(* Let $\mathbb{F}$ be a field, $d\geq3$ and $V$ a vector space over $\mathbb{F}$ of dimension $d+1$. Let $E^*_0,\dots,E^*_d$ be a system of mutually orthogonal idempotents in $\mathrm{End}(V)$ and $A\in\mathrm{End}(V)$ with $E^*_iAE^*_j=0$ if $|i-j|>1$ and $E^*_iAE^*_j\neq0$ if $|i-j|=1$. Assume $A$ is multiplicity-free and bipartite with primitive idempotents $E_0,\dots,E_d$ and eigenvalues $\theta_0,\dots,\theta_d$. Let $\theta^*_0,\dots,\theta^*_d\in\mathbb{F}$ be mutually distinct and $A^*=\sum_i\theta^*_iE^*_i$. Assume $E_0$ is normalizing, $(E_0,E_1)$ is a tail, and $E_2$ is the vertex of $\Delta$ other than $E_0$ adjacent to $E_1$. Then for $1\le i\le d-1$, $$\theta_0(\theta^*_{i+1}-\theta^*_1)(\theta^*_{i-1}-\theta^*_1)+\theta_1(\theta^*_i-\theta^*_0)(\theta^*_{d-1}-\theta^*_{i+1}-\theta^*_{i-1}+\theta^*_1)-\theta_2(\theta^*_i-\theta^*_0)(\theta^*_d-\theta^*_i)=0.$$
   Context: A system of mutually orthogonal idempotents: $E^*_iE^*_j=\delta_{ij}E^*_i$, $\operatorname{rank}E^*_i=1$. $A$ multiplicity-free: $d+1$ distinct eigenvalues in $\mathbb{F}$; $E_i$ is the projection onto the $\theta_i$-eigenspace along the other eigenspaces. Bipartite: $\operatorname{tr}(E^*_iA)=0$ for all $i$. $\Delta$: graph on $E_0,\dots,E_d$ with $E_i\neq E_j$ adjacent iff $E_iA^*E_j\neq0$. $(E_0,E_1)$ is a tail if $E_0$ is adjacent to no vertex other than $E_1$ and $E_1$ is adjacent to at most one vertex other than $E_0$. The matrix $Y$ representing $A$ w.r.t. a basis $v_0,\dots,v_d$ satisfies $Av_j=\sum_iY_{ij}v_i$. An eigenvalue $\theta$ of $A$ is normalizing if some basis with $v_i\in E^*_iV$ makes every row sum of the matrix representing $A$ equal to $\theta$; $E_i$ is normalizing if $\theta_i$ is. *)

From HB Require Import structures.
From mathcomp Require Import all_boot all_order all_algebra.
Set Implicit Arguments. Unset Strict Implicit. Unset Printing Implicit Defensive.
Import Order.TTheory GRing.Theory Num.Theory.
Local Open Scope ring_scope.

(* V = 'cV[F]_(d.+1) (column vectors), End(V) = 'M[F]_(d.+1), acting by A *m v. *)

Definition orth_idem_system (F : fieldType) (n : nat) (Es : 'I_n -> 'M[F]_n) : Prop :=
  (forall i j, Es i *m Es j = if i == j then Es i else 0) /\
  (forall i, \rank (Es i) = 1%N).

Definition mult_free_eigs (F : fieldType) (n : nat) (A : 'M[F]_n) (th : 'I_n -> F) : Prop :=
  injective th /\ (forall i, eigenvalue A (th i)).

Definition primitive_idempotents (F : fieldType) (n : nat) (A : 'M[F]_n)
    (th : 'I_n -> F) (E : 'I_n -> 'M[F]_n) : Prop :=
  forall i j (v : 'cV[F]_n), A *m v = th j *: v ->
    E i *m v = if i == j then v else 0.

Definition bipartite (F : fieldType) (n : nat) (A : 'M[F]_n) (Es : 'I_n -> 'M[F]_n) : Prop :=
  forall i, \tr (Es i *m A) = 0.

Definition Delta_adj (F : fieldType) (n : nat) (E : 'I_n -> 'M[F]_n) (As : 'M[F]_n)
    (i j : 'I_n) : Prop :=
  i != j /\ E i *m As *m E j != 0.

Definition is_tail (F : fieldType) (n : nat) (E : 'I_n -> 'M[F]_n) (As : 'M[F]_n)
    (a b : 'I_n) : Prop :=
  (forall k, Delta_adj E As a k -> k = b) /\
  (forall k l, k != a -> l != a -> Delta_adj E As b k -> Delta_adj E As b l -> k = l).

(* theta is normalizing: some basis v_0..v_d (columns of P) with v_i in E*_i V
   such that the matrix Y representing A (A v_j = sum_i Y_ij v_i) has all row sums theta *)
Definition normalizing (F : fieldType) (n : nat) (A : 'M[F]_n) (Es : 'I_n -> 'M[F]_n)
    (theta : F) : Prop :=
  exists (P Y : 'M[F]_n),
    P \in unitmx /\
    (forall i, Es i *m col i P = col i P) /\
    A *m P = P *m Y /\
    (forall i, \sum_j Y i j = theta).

**About this exercise**
Please make an exact copy of the entries, down to the last character.

**Answer space**
(* Let $\mathbb{F}$ be a field, $d\geq3$ and $V$ a vector space over $\mathbb{F}$ of dimension $d+1$. Let $E^*_0,\dots,E^*_d$ be a system of mutually orthogonal idempotents in $\mathrm{End}(V)$ and $A\in\mathrm{End}(V)$ with $E^*_iAE^*_j=0$ if $|i-j|>1$ and $E^*_iAE^*_j\neq0$ if $|i-j|=1$. Assume $A$ is multiplicity-free and bipartite with primitive idempotents $E_0,\dots,E_d$ and eigenvalues $\theta_0,\dots,\theta_d$. Let $\theta^*_0,\dots,\theta^*_d\in\mathbb{F}$ be mutually distinct and $A^*=\sum_i\theta^*_iE^*_i$. Assume $E_0$ is normalizing, $(E_0,E_1)$ is a tail, and $E_2$ is the vertex of $\Delta$ other than $E_0$ adjacent to $E_1$. Then for $1\le i\le d-1$, $$\theta_0(\theta^*_{i+1}-\theta^*_1)(\theta^*_{i-1}-\theta^*_1)+\theta_1(\theta^*_i-\theta^*_0)(\theta^*_{d-1}-\theta^*_{i+1}-\theta^*_{i-1}+\theta^*_1)-\theta_2(\theta^*_i-\theta^*_0)(\theta^*_d-\theta^*_i)=0.$$
   Context: A system of mutually orthogonal idempotents: $E^*_iE^*_j=\delta_{ij}E^*_i$, $\operatorname{rank}E^*_i=1$. $A$ multiplicity-free: $d+1$ distinct eigenvalues in $\mathbb{F}$; $E_i$ is the projection onto the $\theta_i$-eigenspace along the other eigenspaces. Bipartite: $\operatorname{tr}(E^*_iA)=0$ for all $i$. $\Delta$: graph on $E_0,\dots,E_d$ with $E_i\neq E_j$ adjacent iff $E_iA^*E_j\neq0$. $(E_0,E_1)$ is a tail if $E_0$ is adjacent to no vertex other than $E_1$ and $E_1$ is adjacent to at most one vertex other than $E_0$. The matrix $Y$ representing $A$ w.r.t. a basis $v_0,\dots,v_d$ satisfies $Av_j=\sum_iY_{ij}v_i$. An eigenvalue $\theta$ of $A$ is normalizing if some basis with $v_i\in E^*_iV$ makes every row sum of the matrix representing $A$ equal to $\theta$; $E_i$ is normalizing if $\theta_i$ is. *)

From HB Require Import structures.
From mathcomp Require Import all_boot all_order all_algebra.
Set Implicit Arguments. Unset Strict Implicit. Unset Printing Implicit Defensive.
Import Order.TTheory GRing.Theory Num.Theory.
Local Open Scope ring_scope.

(* V = 'cV[F]_(d.+1) (column vectors), End(V) = 'M[F]_(d.+1), acting by A *m v. *)

Definition orth_idem_system (F : fieldType) (n : nat) (Es : 'I_n -> 'M[F]_n) : Prop :=
  (forall i j, Es i *m Es j = if i == j then Es i else 0) /\
  (forall i, \rank (Es i) = 1%N).

Definition mult_free_eigs (F : fieldType) (n : nat) (A : 'M[F]_n) (th : 'I_n -> F) : Prop :=
  injective th /\ (forall i, eigenvalue A (th i)).

Definition primitive_idempotents (F : fieldType) (n : nat) (A : 'M[F]_n)
    (th : 'I_n -> F) (E : 'I_n -> 'M[F]_n) : Prop :=
  forall i j (v : 'cV[F]_n), A *m v = th j *: v ->
    E i *m v = if i == j then v else 0.

Definition bipartite (F : fieldType) (n : nat) (A : 'M[F]_n) (Es : 'I_n -> 'M[F]_n) : Prop :=
  forall i, \tr (Es i *m A) = 0.

Definition Delta_adj (F : fieldType) (n : nat) (E : 'I_n -> 'M[F]_n) (As : 'M[F]_n)
    (i j : 'I_n) : Prop :=
  i != j /\ E i *m As *m E j != 0.

Definition is_tail (F : fieldType) (n : nat) (E : 'I_n -> 'M[F]_n) (As : 'M[F]_n)
    (a b : 'I_n) : Prop :=
  (forall k, Delta_adj E As a k -> k = b) /\
  (forall k l, k != a -> l != a -> Delta_adj E As b k -> Delta_adj E As b l -> k = l).

(* theta is normalizing: some basis v_0..v_d (columns of P) with v_i in E*_i V
   such that the matrix Y representing A (A v_j = sum_i Y_ij v_i) has all row sums theta *)
Definition normalizing (F : fieldType) (n : nat) (A : 'M[F]_n) (Es : 'I_n -> 'M[F]_n)
    (theta : F) : Prop :=
  exists (P Y : 'M[F]_n),
    P \in unitmx /\
    (forall i, Es i *m col i P = col i P) /\
    A *m P = P *m Y /\
    (forall i, \sum_j Y i j = theta).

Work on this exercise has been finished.